Shafikov’s only two defeats came in world title fights against right-handers Miguel Vazquez (February 2014) and Rances Barthelemy (December 2015), both of whom are similar in stature as Herring.
“All of my opponents are taller than me. I’m used to it,” Shafikov said. “[Herring] was a tough opponent. I kept hurting him, but he kept coming back. After I knocked him down, I felt that I was in control of the fight, but my corner wanted the stoppage as they did not think I could get a decision here."
Shafikov entered the ring Saturday intent on proving he was deserving of a third crack at a title, and believes he did enough damage to his unbeaten opponent to warrant that opportunity.
“After the loss in the title fight against Barthelemy, the only thing I can think about is fighting for the title again,” he said. “That was my main motivator [tonight].
“I don’t care who I fight or when I fight, I just want to earn another opportunity to step into the ring and earn a world title. This time, I will not let [it] slip away.”
Herring swept the first round on all three judges’ cards as he tried to establish early lateral movement and use his jab to keep the oncoming Shafikov at bay. But the opening frame would prove to be the only highlight of the night for the Cincinnati resident, who took a ton of abuse and never could quite figure out—let alone hurt—his Russian counterpart.
Herring was attempting to go 10 rounds for the third straight time, having previously won unanimous decisions over Luis Eduardo Florez in February and Yakubu Amidu in October.
“He kept on pressuring, and I fell into his game a little bit,” Herring said of Shafikov. “I wanted to fight fire with fire after a while and basically try to back him up. That was the game plan—to hit him with something to keep him from backing me up.
"I was surprised by his punch rate.
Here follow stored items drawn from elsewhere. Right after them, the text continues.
(* Let $n,N\in\mathbb N$, $I=\{1,\dots,n\}$, $J=\{1,\dots,N\}$, $G$ a nonempty finite set of maps $I\to J$ with normalized counting measure $\mathbb P$ and expectation $\mathbb E$, such that $\mathbb P(\{g\in G:g(i)=j\})=1/N$ for all $i\in I$, $j\in J$. Let $a\in\mathbb R^{n\times N}$. Then for every integer $1\le\ell\le n$, $$\mathbb E\sum_{k=1}^{\ell}\operatorname{k\text{-}max}_{1\le i\le n}|a_{ig(i)}|\le\frac2N\|a\|_{M_{\ell N}},$$ where $a$ is regarded as a vector in $\mathbb R^{nN}$ and $M_{\ell N}(t)=0$ for $0\le t\le 1/(\ell N)$, $M_{\ell N}(t)=t-1/(\ell N)$ for $t>1/(\ell N)$.
   Context: $\mathbb P(E)=|E|/|G|$ for $E\subseteq G$. For a vector $x$ with non-negative entries, $\operatorname{k\text{-}max}_{1\le i\le n}x_i$ denotes its $k$-th largest entry counted with multiplicity. For an Orlicz function $M$ (a convex, non-constant function $M:[0,\infty)\to[0,\infty)$ with $M(0)=0$), the Luxemburg norm on $\mathbb R^m$ is $\|x\|_M=\inf\{\lambda>0:\sum_{i=1}^mM(|x_i|/\lambda)\le1\}$. *)

From HB Require Import structures.
From mathcomp Require Import all_boot all_order all_algebra.
Set Implicit Arguments. Unset Strict Implicit. Unset Printing Implicit Defensive.
Import Order.TTheory GRing.Theory Num.Theory.
Local Open Scope ring_scope.

Definition Prob (R : realFieldType) (T : finType) (G E : {set T}) : R :=
  #|E|%:R / #|G|%:R.

Definition Expect (R : realFieldType) (T : finType) (G : {set T}) (f : T -> R) : R :=
  (\sum_(g in G) f g) / #|G|%:R.

(* k-th largest entry (counted with multiplicity), k >= 1. *)
Definition kmax (R : realFieldType) (n : nat) (k : nat) (x : 'I_n -> R) : R :=
  nth 0 (sort (fun u v : R => v <= u) [seq x i | i <- enum 'I_n]) k.-1.

Definition M_lN (R : realFieldType) (l N : nat) (t : R) : R :=
  if t <= 1 / (l * N)%:R then 0 else t - 1 / (l * N)%:R.

(* Feasible lambdas in the Luxemburg norm of a (as a vector in R^{mN}). *)
Definition lux_feasible (R : realFieldType) (m N : nat) (M : R -> R)
    (a : 'M[R]_(m, N)) (lam : R) : Prop :=
  0 < lam /\ \sum_(i < m) \sum_(j < N) M (`|a i j| / lam) <= 1.

Definition is_luxemburg_norm (R : realFieldType) (m N : nat) (M : R -> R)
    (a : 'M[R]_(m, N)) (x : R) : Prop :=
  (forall lam, lux_feasible M a lam -> x <= lam) /\
  (forall y, (forall lam, lux_feasible M a lam -> y <= lam) -> y <= x).

(* Fix a feasible [lam] and put [c = 1/(lN)], so that [t <= lam c + lam M_lN (t/lam)]
   for all [t].  Bounding each of the [l] largest entries this way and adding the
   nonnegative remaining terms gives
   [sum_{k <= l} k-max_i |a_{i g(i)}| <= l lam c + lam sum_i M_lN (|a_{i g(i)}| / lam)].
   Since every [g(i)] is uniformly distributed on [J], the expectation of the last sum is
   [(lam/N) sum_{i,j} M_lN (|a_ij| / lam) <= lam/N], and [l lam c = lam/N] as well.
   Taking the infimum over feasible [lam] gives the Luxemburg norm. *)
From HB Require Import structures.
From mathcomp Require Import all_boot all_order all_algebra.
From mathcomp Require Import ring.
Set Implicit Arguments.
Unset Strict Implicit.
Unset Printing Implicit Defensive.
Import Order.TTheory GRing.Theory Num.Theory.
Local Open Scope ring_scope.

Lemma sum_kmax_le (R : realFieldType) (n l : nat) (x : 'I_n -> R) (c : R)
    (p : R -> R) (p_ge0 : forall t, 0 <= p t) (le_cp : forall t, t <= c + p t) :
    (l <= n)%N ->
  \sum_(1 <= k < l.+1) kmax k x <= l%:R * c + \sum_i p (x i).
Proof.
move=> hln; rewrite /kmax; set s := sort _ _.
have size_s : size s = n by rewrite size_sort size_map size_enum_ord.
have sum_ps : \sum_i p (x i) = \sum_(v <- s) p v.
  rewrite (perm_big _ (permEl (perm_sort _ _))) big_map big_enum /=.
  by apply: eq_bigl => i; rewrite inE.
rewrite big_add1 /= big_mkord.
apply: (le_trans (ler_sum _ (fun (k : 'I_l) _ => le_cp (nth 0 s k)))).
rewrite big_split /= sumr_const card_ord mulr_natl lerD2l sum_ps (big_nth 0) size_s.
rewrite -(big_mkord xpredT (fun k => p (nth 0 s k))).
rewrite (@big_cat_nat _ _ _ l 0 n _ _ (leq0n l) hln) /=.
by rewrite lerDl sumr_ge0.
Qed.

Lemma M_lN_ge0 (R : realFieldType) (l N : nat) (t : R) : 0 <= M_lN l N t.
Proof.
by rewrite /M_lN; case: ifP => // /negbT; rewrite -ltNge subr_ge0 => /ltW.
Qed.

Lemma le_M_lN (R : realFieldType) (l N : nat) (t : R) :
  t <= 1 / (l * N)%:R + M_lN l N t.
Proof. by rewrite /M_lN; case: ifP => [h | _]; rewrite ?addr0 // addrC subrK. Qed.

Lemma luxemburg_norm_ge (R : realFieldType) (m N : nat) (M : R -> R)
    (a : 'M[R]_(m, N)) (x y C : R) :
    is_luxemburg_norm M a x -> 0 < C ->
    (forall lam, lux_feasible M a lam -> y <= C * lam) ->
  y <= C * x.
Proof.
move=> [_ x_ge_lb] C_gt0 y_le; rewrite -ler_pdivrMl //.
by apply: x_ge_lb => lam /y_le; rewrite ler_pdivrMl.
Qed.

Section Expectation.

Variables (R : realFieldType) (T : finType) (G : {set T}).

Lemma Expect_le (f h : T -> R) :
  (forall g, g \in G -> f g <= h g) -> Expect G f <= Expect G h.
Proof. by move=> le_fh; rewrite ler_wpM2r ?invr_ge0 // ler_sum. Qed.

Lemma ExpectD (f h : T -> R) :
  Expect G (fun g => f g + h g) = Expect G f + Expect G h.
Proof. by rewrite /Expect big_split mulrDl. Qed.

Lemma Expect_sum (I : finType) (F : I -> T -> R) :
  Expect G (fun g => \sum_i F i g) = \sum_i Expect G (F i).
Proof. by rewrite /Expect exchange_big mulr_suml. Qed.

Hypothesis G_neq0 : G != set0.

Lemma card_G_neq0 : #|G|%:R != 0 :> R.
Proof. by rewrite pnatr_eq0 -lt0n card_gt0. Qed.

Lemma Expect_cst (c : R) : Expect G (fun => c) = c.
Proof. by rewrite /Expect sumr_const -[c *+ _]mulr_natr mulfK ?card_G_neq0. Qed.

End Expectation.

Section UniformCoordinates.

Variables (R : realFieldType) (n N : nat) (G : {set {ffun 'I_n -> 'I_N}}).
Hypothesis G_neq0 : G != set0.
Hypothesis coord_uniform : forall (i : 'I_n) (j : 'I_N),
  Prob R G [set g in G | g i == j] = 1 / N%:R.

Lemma card_coord_eq (i : 'I_n) (j : 'I_N) :
  #|[set g in G | g i == j]|%:R = #|G|%:R / N%:R :> R.
Proof.
have := coord_uniform i j; rewrite /Prob => /(congr1 ( *%R^~ #|G|%:R)).
by rewrite divfK ?card_G_neq0 // mul1r mulrC.
Qed.

Lemma Expect_coord (i : 'I_n) (f : 'I_N -> R) :
  Expect G (fun g => f (g i)) = (\sum_j f j) / N%:R.
Proof.
rewrite /Expect (partition_big (fun g : {ffun 'I_n -> 'I_N} => g i) xpredT) //=.
have fiber j : \sum_(g in G | g i == j) f (g i) = #|G|%:R / N%:R * f j.
  rewrite (eq_bigr (fun => f j)) => [|g /andP [_ /eqP ->] //].
  rewrite sumr_const -[f j *+ _]mulr_natl -(card_coord_eq i j).
  by congr (_%:R * _); apply: eq_card => g; rewrite inE.
rewrite (eq_bigr _ (fun j _ => fiber j)) -mulr_sumr.
by rewrite [LHS]mulrAC (mulrAC #|G|%:R) mulfV ?card_G_neq0 // mul1r mulrC.
Qed.

Lemma Expect_sum_kmax_le (a : 'M[R]_(n, N)) (l : nat) (lam : R) :
    (1 <= l <= n)%N -> lux_feasible (@M_lN R l N) a lam ->
  Expect G (fun g => \sum_(1 <= k < l.+1) kmax k (fun i => `|a i (g i)|))
    <= 2 / N%:R * lam.
Proof.
move=> /andP [l_gt0 hln] [lam_gt0 sum_le1].
set c : R := 1 / (l * N)%:R.
set S := \sum_(i < n) \sum_(j < N) M_lN l N (`|a i j| / lam).
pose q t := lam * M_lN l N (t / lam).
have lam_c : l%:R * (lam * c) = lam / N%:R.
  rewrite /c natrM; have [-> | N_neq0] := eqVneq N 0%N.
    by rewrite !mulr0 !invr0 !mulr0.
  by field; rewrite !pnatr_eq0 N_neq0 -lt0n l_gt0.
have le_c_q t : t <= lam * c + q t.
  rewrite -mulrDr -ler_pdivrMl // mulrC; exact: le_M_lN.
have q_ge0 t : 0 <= q t by rewrite mulr_ge0 ?M_lN_ge0 ?ltW.
have le_sum (g : {ffun 'I_n -> 'I_N}) :
    \sum_(1 <= k < l.+1) kmax k (fun i => `|a i (g i)|)
      <= l%:R * (lam * c) + \sum_i q `|a i (g i)|.
  exact: sum_kmax_le.
apply: le_trans (Expect_le (fun g _ => le_sum g)) _.
rewrite ExpectD Expect_cst // Expect_sum lam_c.
under eq_bigr => i _ do rewrite (Expect_coord i (fun j => q `|a i j|)) -mulr_sumr mulrAC.
rewrite -mulr_sumr -/S.
have lamS : lam / N%:R * S <= lam / N%:R.
  by apply: ler_piMr => //; apply: divr_ge0; rewrite ?ler0n ?ltW.
have -> : 2 / N%:R * lam = lam / N%:R + lam / N%:R by ring.
by rewrite lerD2l.
Qed.

End UniformCoordinates.

Theorem proposition4p2 (R : realFieldType) (n N : nat)
  (G : {set {ffun 'I_n -> 'I_N}}) (HG : G != set0)
  (Hunif : forall (i : 'I_n) (j : 'I_N),
      Prob R G [set g in G | g i == j] = 1 / N%:R)
  (a : 'M[R]_(n, N)) (l : nat) (hl1 : (1 <= l)%N) (hln : (l <= n)%N)
  (x : R) (hx : is_luxemburg_norm (@M_lN R l N) a x) :
  Expect G (fun g => \sum_(1 <= k < l.+1) kmax k (fun i => `|a i (g i)|))
    <= 2 / N%:R * x.
Proof.
have N_gt0 : (0 < N)%N.
  have [g _] := set0Pn _ HG.
  exact: leq_ltn_trans (leq0n _) (ltn_ord (g (Ordinal (leq_trans hl1 hln)))).
apply: (luxemburg_norm_ge hx); first by rewrite divr_gt0 ?ltr0n.
by move=> lam; apply: (Expect_sum_kmax_le HG Hunif); rewrite hl1.
Qed.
Every time I felt that I was slowing him down, he would just come back and fight."
While disappointed that he didn’t get a chance to take the fight to the finish line, Herring understood his corner’s decision and was gracious in defeat.
“[Shafikov] did catch me with some good shots, I’m not going to lie about that,” he said. “I fought his fight and could not make adjustments.
“I did not want the fight to be stopped, but my corner did the best thing for me. Losing is part of the game, and all the greats have taken losses. I will be back.”
In the other ESPN-televised bout, 23-year-old Poland native Patryk Szymanski (16-0, 9 KOs) won a 154-pound unanimous decision over former title challenger Wilky Campfort (21-3 12 KOs), a 31-year-old from Fort Lauderdale, Florida.